YOUR OBJECTIVE
What lines below include the word "Require"? Copy each one.

==== GIVEN DATA ====

(* Let $\omega>0$, $c\in[0,1]$ and $H(q,p)=\frac12\omega^{-2}p^2+\frac12(\omega^2+1)q^2$. Let $\psi_h=\varphi^{(B)}_{h/2}\circ\varphi^{(A)}_h\circ\varphi^{(B)}_{h/2}$, where $\varphi^{(A)}_t$ is the flow of $\dot q=\omega^{-2}p,\ \dot p=-c^2\omega^2q$ and $\varphi^{(B)}_t$ the flow of $\dot q=0,\ \dot p=-((1-c^2)\omega^2+1)q$. If $h>0$ satisfies $$ch+2\arctan\!\Big(\frac{h(1+(1-c^2)\omega^2)}{2c\omega^2}\Big)<\pi\ \text{ if }c\in(0,1],\qquad h<\frac{2\omega}{\sqrt{1+\omega^2}}\ \text{ if }c=0,$$ then the integrator is stable (the powers of its one-step matrix are bounded). *)

From Stdlib Require Import Reals.
Open Scope R_scope.

Definition state := (R * R)%type.

Definition is_flow (V : state -> state) (phi : R -> state -> state) : Prop :=
  forall x : state,
    phi 0 x = x /\
    forall t : R,
      derivable_pt_lim (fun s => fst (phi s x)) t (fst (V (phi t x))) /\
      derivable_pt_lim (fun s => snd (phi s x)) t (snd (V (phi t x))).

Definition field_A (w c : R) (x : state) : state :=
  (/ (w ^ 2) * snd x, - (c ^ 2 * w ^ 2) * fst x).

Definition field_B (w c : R) (x : state) : state :=
  (0, - ((1 - c ^ 2) * w ^ 2 + 1) * fst x).

Definition strang (phiA phiB : R -> state -> state) (h : R) (x : state) : state :=
  phiB (h / 2) (phiA h (phiB (h / 2) x)).

Definition norm1 (x : state) : R := Rabs (fst x) + Rabs (snd x).

Definition stable (psi : state -> state) : Prop :=
  exists K : R, forall (n : nat) (x : state),
    norm1 (Nat.iter n psi x) <= K * norm1 x.

From Stdlib Require Import Reals Lra Psatz.
From Coquelicot Require Import Coquelicot.
Open Scope R_scope.

(* Both flows are linear.  B is the shear (q, p) |-> (q, p - k t q) with
   k = (1 - c^2) w^2 + 1, and A is, by uniqueness through its conserved energy,
   a rotation of angle c t in the w-weighted phase plane (a drift when c = 0).
   Hence psi_h is a linear map of determinant 1 with trace
   2 cos (c h) - k h sin (c h) / (c w^2)  (resp. 2 - k h^2 / w^2), and the
   step-size condition says exactly that this trace lies in (-2, 2).  Such a map
   preserves a positive definite quadratic form, which bounds all its powers. *)

Lemma derivable_pt_lim_zero_const (f : R -> R) :
  (forall t, derivable_pt_lim f t 0) -> forall t, f t = f 0.
Proof.
  intros df t.
  set (pr := fun t => exist (fun l => derivable_pt_abs f t l) 0 (df t)).
  apply (null_derivative_1 f pr); reflexivity.
Qed.

Lemma flowB_explicit (w c : R) (phi : R -> state -> state) :
  is_flow (field_B w c) phi ->
  forall t q p, phi t (q, p) = (q, p - ((1 - c ^ 2) * w ^ 2 + 1) * q * t).
Proof.
  intros hflow t q p; set (k := (1 - c ^ 2) * w ^ 2 + 1).
  destruct (hflow (q, p)) as [init dphi].
  assert (q_const : forall s, fst (phi s (q, p)) = q).
  { intros s; rewrite (derivable_pt_lim_zero_const (fun s => fst (phi s (q, p)))), init.
    - reflexivity.
    - intros t0; apply (dphi t0). }
  assert (p_affine : forall s, snd (phi s (q, p)) + k * q * s = p).
  { intros s.
    rewrite (derivable_pt_lim_zero_const (fun s => snd (phi s (q, p)) + k * q * s)), init.
    { simpl; ring. }
    intros t0; destruct (dphi t0) as [_ dp]; cbn in dp; rewrite q_const in dp.
    apply is_derive_Reals in dp; apply is_derive_Reals.
    replace 0 with (- k * q + k * q) by ring.
    apply (is_derive_plus _ _ _ _ _ dp); auto_derive; [exact I | ring]. }
  rewrite (surjective_pairing (phi t (q, p))), q_const; f_equal.
  specialize (p_affine t); fold k; lra.
Qed.

Lemma oscillator_zero_solution (a b : R) (u v : R -> R) :
  0 < a -> 0 <= b ->
  (forall t, derivable_pt_lim u t (a * v t)) ->
  (forall t, derivable_pt_lim v t (- b * u t)) ->
  u 0 = 0 -> v 0 = 0 -> forall t, u t = 0 /\ v t = 0.
Proof.
  intros apos bnn du dv u0 v0.
  assert (energy_zero : forall t, b * u t ^ 2 + a * v t ^ 2 = 0).
  { intros t; rewrite (derivable_pt_lim_zero_const (fun s => b * u s ^ 2 + a * v s ^ 2)), u0, v0.
    { ring. }
    intros t0; apply is_derive_Reals.
    pose proof (proj2 (is_derive_Reals _ _ _) (du t0)) as du'.
    pose proof (proj2 (is_derive_Reals _ _ _) (dv t0)) as dv'.
    replace 0 with (b * (INR 2 * (a * v t0) * u t0 ^ 1) + a * (INR 2 * (- b * u t0) * v t0 ^ 1))
      by (simpl; ring).
    apply (is_derive_plus (fun s => b * u s ^ 2) (fun s => a * v s ^ 2));
      apply is_derive_scal, is_derive_pow; assumption. }
  assert (v_zero : forall t, v t = 0).
  { intros t; specialize (energy_zero t).
    assert (0 <= b * u t ^ 2) by (apply Rmult_le_pos; [lra | apply pow2_ge_0]).
    assert (0 <= a * v t ^ 2) by (apply Rmult_le_pos; [lra | apply pow2_ge_0]).
    assert (v t ^ 2 = 0) by (apply (Rmult_eq_reg_l a); lra).
    nra. }
  intros t; split; [| apply v_zero].
  rewrite (derivable_pt_lim_zero_const u); [exact u0 |].
  intros t0; rewrite <- (Rmult_0_r a), <- (v_zero t0); apply du.
Qed.

Lemma flowA_unique (w c : R) (phi : R -> state -> state) (Q P : R -> R) :
  0 < w -> is_flow (field_A w c) phi ->
  (forall t, derivable_pt_lim Q t (/ w ^ 2 * P t)) ->
  (forall t, derivable_pt_lim P t (- (c ^ 2 * w ^ 2) * Q t)) ->
  forall t, phi t (Q 0, P 0) = (Q t, P t).
Proof.
  intros wpos hflow dQ dP t.
  destruct (hflow (Q 0, P 0)) as [init dphi].
  set (u := fun s => fst (phi s (Q 0, P 0)) - Q s).
  set (v := fun s => snd (phi s (Q 0, P 0)) - P s).
  assert (du : forall s, derivable_pt_lim u s (/ w ^ 2 * v s)).
  { intros s; destruct (dphi s) as [dq _].
    replace (/ w ^ 2 * v s) with (/ w ^ 2 * snd (phi s (Q 0, P 0)) - / w ^ 2 * P s)
      by (unfold v; ring).
    exact (derivable_pt_lim_minus _ _ _ _ _ dq (dQ s)). }
  assert (dv : forall s, derivable_pt_lim v s (- (c ^ 2 * w ^ 2) * u s)).
  { intros s; destruct (dphi s) as [_ dp].
    replace (- (c ^ 2 * w ^ 2) * u s)
      with (- (c ^ 2 * w ^ 2) * fst (phi s (Q 0, P 0)) - - (c ^ 2 * w ^ 2) * Q s)
      by (unfold u; ring).
    exact (derivable_pt_lim_minus _ _ _ _ _ dp (dP s)). }
  destruct (oscillator_zero_solution (/ w ^ 2) (c ^ 2 * w ^ 2) u v) with t as [ut vt];
    try assumption.
  - apply Rinv_0_lt_compat; nra.
  - nra.
  - unfold u; rewrite init; simpl; ring.
  - unfold v; rewrite init; simpl; ring.
  - unfold u, v in ut, vt; rewrite (surjective_pairing (phi t _)); f_equal; lra.
Qed.

Definition linmap (a b c d : R) (x : state) : state :=
  (a * fst x + b * snd x, c * fst x + d * snd x).

Lemma flowA_rotation (w c : R) (phi : R -> state -> state) :
  0 < w -> 0 < c -> is_flow (field_A w c) phi ->
  forall t x, phi t x =
    linmap (cos (c * t)) (sin (c * t) / (c * w ^ 2)) (- (c * w ^ 2) * sin (c * t)) (cos (c * t)) x.
Proof.
  intros wpos cpos hflow t [q p]; unfold linmap; cbn [fst snd].
  set (Q := fun s => cos (c * s) * q + sin (c * s) / (c * w ^ 2) * p).
  set (P := fun s => - (c * w ^ 2) * sin (c * s) * q + cos (c * s) * p).
  assert (init : (Q 0, P 0) = (q, p)).
  { unfold Q, P; rewrite Rmult_0_r, cos_0, sin_0; f_equal; field; nra. }
  rewrite <- init, (flowA_unique w c phi Q P wpos hflow); [reflexivity | |];
    intros s; apply is_derive_Reals; unfold Q, P; auto_derive; try split; field; nra.
Qed.

Lemma flowA_drift (w : R) (phi : R -> state -> state) :
  0 < w -> is_flow (field_A w 0) phi ->
  forall t x, phi t x = linmap 1 (t / w ^ 2) 0 1 x.
Proof.
  intros wpos hflow t [q p]; unfold linmap; cbn [fst snd].
  set (Q := fun s => q + s / w ^ 2 * p).
  set (P := fun _ : R => p).
  assert (init : (Q 0, P 0) = (q, p)) by (unfold Q, P; f_equal; field; nra).
  rewrite <- init, (flowA_unique w 0 phi Q P wpos hflow); [unfold Q, P; f_equal; ring | |];
    intros s; apply is_derive_Reals; unfold Q, P; auto_derive; try split; field; nra.
Qed.

Lemma norm1_sqr_bounds (x : state) :
  fst x ^ 2 + snd x ^ 2 <= norm1 x ^ 2 <= 2 * (fst x ^ 2 + snd x ^ 2).
Proof.
  destruct x as [q p]; unfold norm1; simpl.
  assert (Rabs q * Rabs q = q * q) by (rewrite <- Rabs_mult; apply Rabs_pos_eq; nra).
  assert (Rabs p * Rabs p = p * p) by (rewrite <- Rabs_mult; apply Rabs_pos_eq; nra).
  pose proof (Rabs_pos q); pose proof (Rabs_pos p); pose proof (pow2_ge_0 (Rabs q - Rabs p)).
  split; nra.
Qed.

Lemma stable_of_invariant_form (psi : state -> state) (F : state -> R) (m M : R) :
  0 < m ->
  (forall x, F (psi x) = F x) ->
  (forall x, m * (fst x ^ 2 + snd x ^ 2) <= F x <= M * (fst x ^ 2 + snd x ^ 2)) ->
  stable psi.
Proof.
  intros mpos Finv Fbounds.
  assert (Fiter : forall n x, F (Nat.iter n psi x) = F x).
  { induction n as [|n IH]; intros x; simpl; [reflexivity | now rewrite Finv]. }
  assert (Mpos : 0 <= M) by (destruct (Fbounds (1, 0)); simpl in *; nra).
  exists (sqrt (2 * M / m)); intros n x.
  set (y := Nat.iter n psi x).
  assert (sqr_bound : norm1 y ^ 2 <= 2 * M / m * norm1 x ^ 2).
  { destruct (norm1_sqr_bounds x), (norm1_sqr_bounds y), (Fbounds x), (Fbounds y).
    pose proof (Fiter n x) as Fy; fold y in Fy.
    apply Rmult_le_reg_l with m; [exact mpos |].
    replace (m * (2 * M / m * norm1 x ^ 2)) with (2 * M * norm1 x ^ 2) by (field; lra).
    nra. }
  assert (norm1_nonneg : forall z, 0 <= norm1 z)
    by (intros z; unfold norm1; pose proof (Rabs_pos (fst z)); pose proof (Rabs_pos (snd z)); lra).
  rewrite <- (sqrt_pow2 (norm1 y)), <- (sqrt_pow2 (norm1 x)), <- sqrt_mult_alt by
    (apply norm1_nonneg || (apply Rdiv_le_0_compat; lra)).
  now apply sqrt_le_1_alt.
Qed.

Lemma positive_definite_form_bounds (al be ga : R) :
  0 < ga -> be ^ 2 < 4 * al * ga ->
  exists m M, 0 < m /\ forall q p,
    m * (q ^ 2 + p ^ 2) <= al * q ^ 2 + be * q * p + ga * p ^ 2 <= M * (q ^ 2 + p ^ 2).
Proof.
  intros gapos disc.
  assert (alpos : 0 < al) by (pose proof (pow2_ge_0 be); nra).
  exists ((4 * al * ga - be ^ 2) / (4 * (al + ga))), (al + Rabs be + ga); split.
  { apply Rdiv_lt_0_compat; lra. }
  intros q p; split.
  - apply Rmult_le_reg_l with (4 * (al + ga)); [lra |].
    replace (4 * (al + ga) * ((4 * al * ga - be ^ 2) / (4 * (al + ga)) * (q ^ 2 + p ^ 2)))
      with ((4 * al * ga - be ^ 2) * (q ^ 2 + p ^ 2)) by (field; lra).
    assert (4 * (al + ga) * (al * q ^ 2 + be * q * p + ga * p ^ 2)
            - (4 * al * ga - be ^ 2) * (q ^ 2 + p ^ 2)
            = (2 * al * q + be * p) ^ 2 + (2 * ga * p + be * q) ^ 2) by ring.
    pose proof (pow2_ge_0 (2 * al * q + be * p)); pose proof (pow2_ge_0 (2 * ga * p + be * q)).
    lra.
  - assert (be * q * p <= Rabs be * (q ^ 2 + p ^ 2)).
    { pose proof (pow2_ge_0 (q - p)); pose proof (pow2_ge_0 (q + p)).
      destruct (Rcase_abs be); [rewrite Rabs_left | rewrite Rabs_right]; nra. }
    pose proof (pow2_ge_0 q); pose proof (pow2_ge_0 p); nra.
Qed.

Lemma det1_trace_lt2_stable (a b c d : R) :
  a * d - b * c = 1 -> -2 < a + d < 2 -> stable (linmap a b c d).
Proof.
  intros det trace.
  assert (bnz : b <> 0) by (intros ->; pose proof (pow2_ge_0 (a - d)); nra).
  pose proof (pow2_gt_0 b bnz) as b2pos.
  destruct (positive_definite_form_bounds (- b * c) (- b * (d - a)) (b ^ 2))
    as [m [M [mpos bounds]]]; [exact b2pos | |].
  { assert (4 * (- b * c) * b ^ 2 - (- b * (d - a)) ^ 2 - b ^ 2 * (4 - (a + d) ^ 2)
            = 4 * b ^ 2 * (a * d - b * c - 1)) by ring.
    assert (0 < b ^ 2 * (4 - (a + d) ^ 2)) by (apply Rmult_lt_0_compat; nra).
    nra. }
  apply (stable_of_invariant_form _
    (fun x => - b * c * fst x ^ 2 + - b * (d - a) * fst x * snd x + b ^ 2 * snd x ^ 2) m M mpos).
  - intros [q p]; unfold linmap; simpl.
    transitivity ((a * d - b * c) * (- b * c * q ^ 2 + - b * (d - a) * q * p + b ^ 2 * p ^ 2));
      [ring | rewrite det; ring].
  - intros x; apply bounds.
Qed.

Lemma stable_ext (psi phi : state -> state) :
  (forall x, psi x = phi x) -> stable phi -> stable psi.
Proof.
  intros E [K HK]; exists K; intros n x.
  replace (Nat.iter n psi x) with (Nat.iter n phi x); [apply HK |].
  induction n as [|n IH]; simpl; [reflexivity | now rewrite IH, E].
Qed.

Lemma strang_shear_stable (phiA phiB : R -> state -> state) (h k a b c d : R) :
  (forall x, phiA h x = linmap a b c d x) ->
  (forall t q p, phiB t (q, p) = (q, p - k * q * t)) ->
  a * d - b * c = 1 -> -2 < a + d - b * k * h < 2 ->
  stable (strang phiA phiB h).
Proof.
  intros HA HB det trace.
  apply stable_ext with
    (linmap (a - b * k * (h / 2)) b (c - d * k * (h / 2) - k * (h / 2) * (a - b * k * (h / 2)))
            (d - k * (h / 2) * b)).
  { intros [q p]; unfold strang; rewrite HB, HA; unfold linmap; simpl; rewrite HB; f_equal; ring. }
  apply det1_trace_lt2_stable; [rewrite <- det; ring | split; lra].
Qed.

Lemma cos_sub_mul_sin_bound (th be : R) :
  0 < th -> 0 < be -> th + atan be < PI / 2 ->
  -1 < cos (2 * th) - be * sin (2 * th) < 1.
Proof.
  intros thpos bepos small.
  set (ph := atan be).
  assert (phpos : 0 < ph) by (unfold ph; rewrite <- atan_0; now apply atan_increasing).
  pose proof (atan_bound be) as phbound; fold ph in phbound.
  pose proof PI_RGT_0; fold ph in small.
  assert (sin th > 0) by (apply sin_gt_0; lra).
  assert (cos th > 0) by (apply cos_gt_0; lra).
  assert (cos ph > 0) by (apply cos_gt_0; lra).
  assert (cos (th + ph) > 0) by (apply cos_gt_0; lra).
  assert (tan_ph : sin ph = be * cos ph)
    by (pose proof (tan_atan be) as E; fold ph in E; unfold tan in E; rewrite <- E; field; lra).
  (* cos (th + ph) = cos ph * (cos th - be * sin th) *)
  assert (cos th - be * sin th > 0).
  { rewrite cos_plus, tan_ph in *.
    apply Rmult_lt_reg_r with (cos ph); [lra |]; nra. }
  rewrite cos_2a_sin, sin_2a.
  pose proof (sin2_cos2 th); unfold Rsqr in *.
  split; nra.
Qed.

Lemma step_size_sqr_bound (w h : R) :
  0 < w -> 0 < h -> h < 2 * w / sqrt (1 + w ^ 2) -> h ^ 2 * (1 + w ^ 2) < 4 * w ^ 2.
Proof.
  intros wpos hpos hsmall.
  pose proof (pow2_ge_0 w).
  pose proof (sqrt_sqrt (1 + w ^ 2)) as rr.
  set (r := sqrt (1 + w ^ 2)) in *.
  assert (rpos : 0 < r) by (apply sqrt_lt_R0; lra).
  assert (h * r < 2 * w).
  { apply Rmult_lt_reg_r with (/ r); [now apply Rinv_0_lt_compat |].
    replace (h * r * / r) with h by (field; lra).
    exact hsmall. }
  assert (0 < (2 * w - h * r) * (2 * w + h * r)) by (apply Rmult_lt_0_compat; nra).
  rewrite <- rr by lra; nra.
Qed.

Theorem proposition9p2 (w c h : R) (phiA phiB : R -> state -> state)
  (hw : 0 < w) (hc : 0 <= c <= 1) (hh : 0 < h)
  (hA : is_flow (field_A w c) phiA) (hB : is_flow (field_B w c) phiB)
  (hcond : (0 < c /\
            c * h + 2 * atan (h * (1 + (1 - c ^ 2) * w ^ 2) / (2 * c * w ^ 2)) < PI)
           \/ (c = 0 /\ h < 2 * w / sqrt (1 + w ^ 2))) :
  stable (strang phiA phiB h).
Proof.
  pose proof (flowB_explicit w c phiB hB) as HB.
  assert (w2pos : 0 < w ^ 2) by nra.
  destruct hcond as [[cpos hsmall] | [c0 hsmall]].
  - apply (strang_shear_stable phiA phiB h _ _ _ _ _ (flowA_rotation w c phiA hw cpos hA h) HB).
    { pose proof (sin2_cos2 (c * h)) as pyth; unfold Rsqr in pyth.
      rewrite <- pyth; field; nra. }
    set (be := h * (1 + (1 - c ^ 2) * w ^ 2) / (2 * c * w ^ 2)) in hsmall.
    assert (0 <= (1 - c ^ 2) * w ^ 2) by (apply Rmult_le_pos; nra).
    assert (bepos : 0 < be) by (unfold be; apply Rdiv_lt_0_compat; nra).
    destruct (cos_sub_mul_sin_bound (c * h / 2) be) as [lo hi]; [nra | exact bepos | lra |].
    replace (2 * (c * h / 2)) with (c * h) in lo, hi by field.
    assert (cos (c * h) + cos (c * h)
              - sin (c * h) / (c * w ^ 2) * ((1 - c ^ 2) * w ^ 2 + 1) * h
            = 2 * (cos (c * h) - be * sin (c * h))) by (unfold be; field; nra).
    lra.
  - subst c.
    apply (strang_shear_stable phiA phiB h _ _ _ _ _ (flowA_drift w phiA hw hA h) HB); [ring |].
    pose proof (step_size_sqr_bound w h hw hh hsmall).
    assert (h / w ^ 2 * ((1 - 0 ^ 2) * w ^ 2 + 1) * h * w ^ 2 = h ^ 2 * (1 + w ^ 2))
      by (field; lra).
    split; nra.
Qed.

====

RESULT BELOW
From Stdlib Require Import Reals.
From Stdlib Require Import Reals Lra Psatz.
From Coquelicot Require Import Coquelicot.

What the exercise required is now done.